How to Optimize a Query in MongoDB

Introduction

In this tutorial we’ll show you how to analyze the performance of a MongoDB query and then how to optimize it using indexing. We’ll be using a simple example with a small dataset for simplicity’s sake but the concept is the same with large datasets. In this day and age users will not put up with a laggy website and you need to do everything you can to make your website performant. One of those things is taking a look at all your database queries, figuring out which ones occur frequently, and how you can improve those queries to be most efficient.
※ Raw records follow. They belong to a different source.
(* For every $r$-configuration $F$ of $U$ and $V$, $\phi(\Phi(F))=F$. In particular, $\Phi$ is injective on $r$-configurations.
   Context: $n,r\ge1$, $m=rn$. $U=\{u_1\prec\cdots\prec u_n\}$, $V=\{v_1\prec\cdots\prec v_n\}$; $\overline U=U\times[r]$, $\overline V=V\times[r]$ ordered lexicographically (write $u^s$ for $(u,s)$). An $r$-configuration is a bijection between $\overline U$ and $\overline V$; a quasi configuration is a partial matching. Pairs $(\bar u,\bar v),(\bar u',\bar v')$ are noncrossing if ($\bar u\prec\bar u'$ and $\bar v\prec\bar v'$) or ($\bar u'\prec\bar u$ and $\bar v'\prec\bar v$). For an $r$-configuration $F$: $a_{\bar u}$ is the maximum size of a set of pairwise noncrossing pairs of $F$ containing the pair $(\bar u,\bar v')\in F$ at $\bar u$, all of whose pairs $(x,y)$ satisfy $x\preceq\bar u$, $y\preceq\bar v'$; $b_{\bar v}$ is defined symmetrically; $\Phi(F)=a_{u_1^1}\cdots a_{u_n^r}|b_{v_1^1}\cdots b_{v_n^r}$, the walk with steps $e_{a_{\bar u}}$ ($\bar u$ increasing) then $-e_{b_{\bar v}}$ ($\bar v$ increasing). For a walk $w=a_{u_1^1}\cdots a_{u_n^r}|b_{v_1^1}\cdots b_{v_n^r}$, $A_k(w)=\{\bar u:a_{\bar u}=k\}$, $B_k(w)=\{\bar v:b_{\bar v}=k\}$; connecting equal-size ordered sets $A,B$ in a crossing way means pairing the $i$-th smallest of $A$ with the $i$-th largest of $B$; $\phi(w)$ is the quasi configuration obtained by, for each $k$: if $|A_k(w)|\ge|B_k(w)|$, connecting the $|B_k(w)|$ smallest elements of $A_k(w)$ with $B_k(w)$ in a crossing way, otherwise connecting $A_k(w)$ with the $|A_k(w)|$ largest elements of $B_k(w)$ in a crossing way. *)

From mathcomp Require Import all_boot.
Set Implicit Arguments. Unset Strict Implicit. Unset Printing Implicit Defensive.

(* U = {u_1 < ... < u_n} is modelled by 'I_n (u_i = i-1), likewise V;
   Ubar = U x [r] and Vbar = V x [r] are modelled by 'I_n * 'I_r with the
   lexicographic order; (u, s) stands for u^s. *)
Definition bar (n r : nat) : finType := ('I_n * 'I_r)%type.

Definition lexlt n r (x y : bar n r) : bool :=
  (x.1 < y.1)%N || ((x.1 == y.1) && (x.2 < y.2)%N).
Definition lexle n r (x y : bar n r) : bool := (x == y) || lexlt x y.

Definition pair_t n r : finType := (bar n r * bar n r)%type.

Definition noncrossing n r (p q : pair_t n r) : bool :=
  (lexlt p.1 q.1 && lexlt p.2 q.2) || (lexlt q.1 p.1 && lexlt q.2 p.2).

(* An r-configuration is a bijection F : Ubar -> Vbar; its set of pairs. *)
Definition graph n r (F : bar n r -> bar n r) : {set pair_t n r} :=
  [set p | F p.1 == p.2].

Definition admissible n r (F : bar n r -> bar n r) (p0 : pair_t n r)
    (S : {set pair_t n r}) : bool :=
  [&& S \subset graph F, p0 \in S,
      [forall p in S, forall q in S, (p != q) ==> noncrossing p q] &
      [forall p in S, lexle p.1 p0.1 && lexle p.2 p0.2]].

Definition acoef n r (F : bar n r -> bar n r) (u : bar n r) : nat :=
  \max_(S : {set pair_t n r} | admissible F (u, F u) S) #|S|.

Definition bcoef n r (F : bar n r -> bar n r) (v : bar n r) : nat :=
  \max_(S : {set pair_t n r} |
          [exists u, (F u == v) && admissible F (u, v) S]) #|S|.

(* A walk a_{u_1^1} ... a_{u_n^r} | b_{v_1^1} ... b_{v_n^r}, stored as the
   pair of its labels indexed by Ubar and Vbar (in increasing order). *)
Definition walk n r : Type := ({ffun bar n r -> nat} * {ffun bar n r -> nat})%type.

Definition Phi n r (F : bar n r -> bar n r) : walk n r :=
  ([ffun u => acoef F u], [ffun v => bcoef F v]).

Definition Ak n r (w : walk n r) (k : nat) : {set bar n r} := [set u | w.1 u == k].
Definition Bk n r (w : walk n r) (k : nat) : {set bar n r} := [set v | w.2 v == k].

(* x is the i-th smallest element of A (0-based) iff rank_lo A x = i;
   y is the i-th largest element of B (0-based) iff rank_hi B y = i. *)
Definition rank_lo n r (A : {set bar n r}) (x : bar n r) : nat :=
  #|[set y in A | lexlt y x]|.
Definition rank_hi n r (B : {set bar n r}) (y : bar n r) : nat :=
  #|[set z in B | lexlt y z]|.

Definition conn_k n r (w : walk n r) (k : nat) (p : pair_t n r) : bool :=
  let A := Ak w k in let B := Bk w k in
  [&& p.1 \in A, p.2 \in B &
    if (#|B| <= #|A|)%N then
      (* |B| smallest elements of A connected with B in a crossing way *)
      (rank_lo A p.1 < #|B|)%N && (rank_lo A p.1 == rank_hi B p.2)
    else
      (* A connected with the |A| largest elements of B in a crossing way *)
      (rank_hi B p.2 < #|A|)%N && (rank_lo A p.1 == rank_hi B p.2)].

(* phi(w): union over k of the pairs created for k.  For k larger than every
   a-label, A_k is empty and no pair is created, so the union may be taken over
   k <= max_u a_u. *)
Definition phi n r (w : walk n r) : {set pair_t n r} :=
  \bigcup_(k < (\max_(u : bar n r) w.1 u).+1) [set p | conn_k w k p].

From mathcomp Require Import all_boot zify.
Set Implicit Arguments. Unset Strict Implicit.

(* Adding the pair at u' to a chain certifying a_u shows that a_u < a_u'
   whenever the pairs at u and u' are noncrossing with u < u'.  Hence on a
   level set A_k of the labels the configuration F is order-reversing, and
   B_k = F(A_k): the i-th smallest element of A_k is matched by F with the
   i-th largest element of B_k, which is exactly the pairing made by phi. *)

Section LexOrder.
Variables n r : nat.
Implicit Types (x y z : bar n r) (A : {set bar n r}).

Lemma lexltE x y :
  lexlt x y = (x.1 < y.1)%N || ((x.1 == y.1 :> nat) && (x.2 < y.2)%N).
Proof. by []. Qed.

Lemma lexlt_irr x : lexlt x x = false.
Proof. rewrite lexltE; lia. Qed.

Lemma lexlt_trans x y z : lexlt x y -> lexlt y z -> lexlt x z.
Proof. rewrite !lexltE; lia. Qed.

Lemma lexlt_asym x y : lexlt x y -> lexlt y x = false.
Proof. rewrite !lexltE; lia. Qed.

Lemma lexle_lt_trans x y z : lexle x y -> lexlt y z -> lexlt x z.
Proof. by rewrite /lexle => /orP[/eqP->|]//; apply: lexlt_trans. Qed.

Lemma lexlt_total x y : x != y -> lexlt x y || lexlt y x.
Proof.
case: x y => [a b] [c d] neq; rewrite !lexltE /=.
have : (a != c :> nat) || (b != d :> nat).
  apply: contraR neq; rewrite negb_or !negbK => /andP[/eqP ac /eqP bd].
  by rewrite (val_inj ac) (val_inj bd).
lia.
Qed.

Lemma lexlt_trichotomy x y : [|| x == y, lexlt x y | lexlt y x].
Proof. by case: eqVneq => //= /lexlt_total. Qed.

Lemma rank_lo_lt A x : x \in A -> (rank_lo A x < #|A|)%N.
Proof.
move=> Ax; apply: proper_card; apply/properP; split.
  by apply/subsetP => z; rewrite inE => /andP[].
by exists x => //; rewrite inE lexlt_irr andbF.
Qed.

Lemma rank_lo_mono A x y : x \in A -> lexlt x y -> (rank_lo A x < rank_lo A y)%N.
Proof.
move=> Ax lt_xy; apply: proper_card; apply/properP; split.
  by apply/subsetP => z; rewrite !inE => /andP[-> /lexlt_trans->].
by exists x; rewrite !inE ?Ax ?lt_xy // lexlt_irr andbF.
Qed.

Lemma rank_lo_inj A : {in A &, injective (rank_lo A)}.
Proof.
move=> x y Ax Ay eq_rk; have /or3P[/eqP //|lt|lt] := lexlt_trichotomy x y.
  by have := rank_lo_mono Ax lt; rewrite eq_rk ltnn.
by have := rank_lo_mono Ay lt; rewrite eq_rk ltnn.
Qed.

Lemma rank_hi_imset (f : bar n r -> bar n r) A x :
    injective f -> {in A &, forall y z, lexlt (f y) (f z) = lexlt z y} ->
  x \in A -> rank_hi (f @: A) (f x) = rank_lo A x.
Proof.
move=> f_inj f_anti Ax; rewrite /rank_hi /rank_lo -[RHS](card_imset _ f_inj).
apply: eq_card => z; apply/idP/imsetP => [|[y + ->]].
  rewrite inE => /andP[/imsetP[y Ay ->]]; rewrite f_anti // => lt.
  by exists y; rewrite ?inE ?Ay.
by rewrite !inE => /andP[Ay lt]; rewrite imset_f // f_anti.
Qed.

End LexOrder.

Section Coefficients.
Variables n r : nat.
Variable F : bar n r -> bar n r.

Lemma admissible_pair u : admissible F (u, F u) [set (u, F u)].
Proof.
apply/and4P; split.
- by apply/subsetP => p; rewrite !inE => /eqP->.
- exact: set11.
- by apply/forall_inP => p /set1P->; apply/forall_inP => q /set1P->; rewrite eqxx.
- by apply/forall_inP => p /set1P->; rewrite /lexle !eqxx.
Qed.

Lemma acoef_max u : exists2 S, admissible F (u, F u) S & acoef F u = #|S|.
Proof.
have ex_adm : (0 < #|(fun S : {set pair_t n r} => admissible F (u, F u) S)|)%N.
  by apply/card_gt0P; exists [set (u, F u)]; apply: admissible_pair.
rewrite /acoef.
by have [S admS ->] := eq_bigmax_cond (fun S : {set pair_t n r} => #|S|) ex_adm; exists S.
Qed.

Lemma acoef_ge u S : admissible F (u, F u) S -> (#|S| <= acoef F u)%N.
Proof. by move=> admS; rewrite /acoef (bigD1 S admS) leq_maxl. Qed.

Lemma admissible_below p0 S p :
  admissible F p0 S -> p \in S -> lexle p.1 p0.1 && lexle p.2 p0.2.
Proof. by case/and4P=> _ _ _ /forall_inP; apply. Qed.

Lemma admissible_extend u u' S :
    lexlt u u' -> lexlt (F u) (F u') -> admissible F (u, F u) S ->
  admissible F (u', F u') ((u', F u') |: S).
Proof.
move=> lt_u lt_Fu admS; have /and4P[sub_S _ nc_S _] := admS.
have below p : p \in S -> lexlt p.1 u' && lexlt p.2 (F u').
  move/(admissible_below admS)=> /andP[le1 le2].
  by rewrite (lexle_lt_trans le1) ?(lexle_lt_trans le2).
apply/and4P; split.
- by rewrite subUset sub_S sub1set inE eqxx.
- exact: setU11.
- apply/forall_inP => p /setU1P[->|Sp]; apply/forall_inP => q /setU1P[->|Sq].
  + by rewrite eqxx.
  + by rewrite /noncrossing below ?orbT ?implybT.
  + by rewrite /noncrossing below ?implybT.
  + exact: (forall_inP (forall_inP nc_S p Sp) q Sq).
- apply/forall_inP => p /setU1P[->|/below/andP[lt1 lt2]]; first by rewrite /lexle !eqxx.
  by rewrite /lexle lt1 lt2 !orbT.
Qed.

Lemma acoef_mono u u' :
  lexlt u u' -> lexlt (F u) (F u') -> (acoef F u < acoef F u')%N.
Proof.
move=> lt_u lt_Fu; have [S admS ->] := acoef_max u.
have notin_S : (u', F u') \notin S.
  apply/negP => /(admissible_below admS) /andP[le1 _].
  by have := lexle_lt_trans le1 lt_u; rewrite lexlt_irr.
apply: leq_trans (acoef_ge (admissible_extend lt_u lt_Fu admS)).
by rewrite cardsU1 notin_S.
Qed.

Lemma acoef_level_anti u u' :
  acoef F u = acoef F u' -> lexlt (F u) (F u') -> lexlt u' u.
Proof.
move=> eq_a lt_Fu; have /or3P[/eqP eq_u|lt|//] := lexlt_trichotomy u u'.
  by move: lt_Fu; rewrite eq_u lexlt_irr.
by have := acoef_mono lt lt_Fu; rewrite eq_a ltnn.
Qed.

End Coefficients.

Section Bijection.
Variables n r : nat.
Variable F : bar n r -> bar n r.
Hypothesis F_bij : bijective F.

Notation A k := (Ak (Phi F) k).
Notation B k := (Bk (Phi F) k).

Lemma inAk k u : (u \in A k) = (acoef F u == k).
Proof. by rewrite inE ffunE. Qed.

Lemma bcoefE u : bcoef F (F u) = acoef F u.
Proof.
rewrite /bcoef /acoef; apply: eq_bigl => S; apply/existsP/idP => [[u']|adm].
  by case/andP=> /eqP/(bij_inj F_bij)->.
by exists u; rewrite eqxx.
Qed.

Lemma Bk_imset k : B k = F @: A k.
Proof.
have [g FK gK] := F_bij; apply/setP => v; rewrite -[v]gK inE ffunE bcoefE -inAk.
by rewrite mem_imset //; apply: bij_inj.
Qed.

Lemma level_anti k : {in A k &, forall u u', lexlt (F u) (F u') = lexlt u' u}.
Proof.
move=> u u'; rewrite !inAk => /eqP au /eqP au'.
have eq_a : acoef F u = acoef F u' by rewrite au au'.
apply/idP/idP => [/(acoef_level_anti eq_a)//|lt].
have neq : F u != F u' by apply: contraTneq lt => /(bij_inj F_bij)->; rewrite lexlt_irr.
case/orP: (lexlt_total neq) => // /(acoef_level_anti (esym eq_a)).
by rewrite (lexlt_asym lt).
Qed.

Lemma rank_hi_Bk k u : u \in A k -> rank_hi (B k) (F u) = rank_lo (A k) u.
Proof. by rewrite Bk_imset; apply: rank_hi_imset (bij_inj F_bij) (@level_anti k). Qed.

Lemma phi_Phi : phi (Phi F) = graph F.
Proof.
apply/setP => -[x y]; rewrite [RHS]inE /=.
apply/bigcupP/eqP => [[k _]|<-].
  rewrite inE /conn_k /= Bk_imset card_imset ?leqnn /=; last exact: bij_inj.
  case/and3P=> Ax /imsetP[u Au ->] /andP[_ /eqP eq_rk].
  by rewrite -Bk_imset rank_hi_Bk // in eq_rk; rewrite (rank_lo_inj Ax Au eq_rk).
have lt_k : (acoef F x < (\max_(u : bar n r) (Phi F).1 u).+1)%N.
  by rewrite ltnS; apply: leq_trans (leq_bigmax x); rewrite ffunE.
have Ax : x \in A (acoef F x) by rewrite inAk.
exists (Ordinal lt_k) => //; rewrite inE /conn_k /= Ax rank_hi_Bk // eqxx andbT.
by rewrite Bk_imset card_imset ?leqnn ?imset_f ?rank_lo_lt //; apply: bij_inj.
Qed.

End Bijection.

Lemma graph_inj n r (F G : bar n r -> bar n r) : graph F = graph G -> F =1 G.
Proof.
move=> eq_g x; have : (x, F x) \in graph G by rewrite -eq_g inE.
by rewrite inE => /eqP.
Qed.

Theorem lemma5 (n r : nat) (n_gt0 : (0 < n)%N) (r_gt0 : (0 < r)%N) :
  (forall F : bar n r -> bar n r, bijective F -> phi (Phi F) = graph F) /\
  (forall F G : bar n r -> bar n r, bijective F -> bijective G ->
     Phi F = Phi G -> F =1 G).
Proof.
split=> [F|F G F_bij G_bij eq_Phi]; first exact: phi_Phi.
by apply: graph_inj; rewrite -(phi_Phi F_bij) -(phi_Phi G_bij) eq_Phi.
Qed.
Please continue reading and we’ll show you an example of a query and how we’d go about optimizing it.

Prerequisites

  • You should have MongoDB installed and running.

  • If you have it installed, you can run a single instance with the command mongod.

  • Although not required we recommend you have some experience using the command line.

  • If you’d like to follow along with our example, you’ll need to go through “How to Import a CSV into MongoDB” because we’ll be using the products collection created in that tutorial.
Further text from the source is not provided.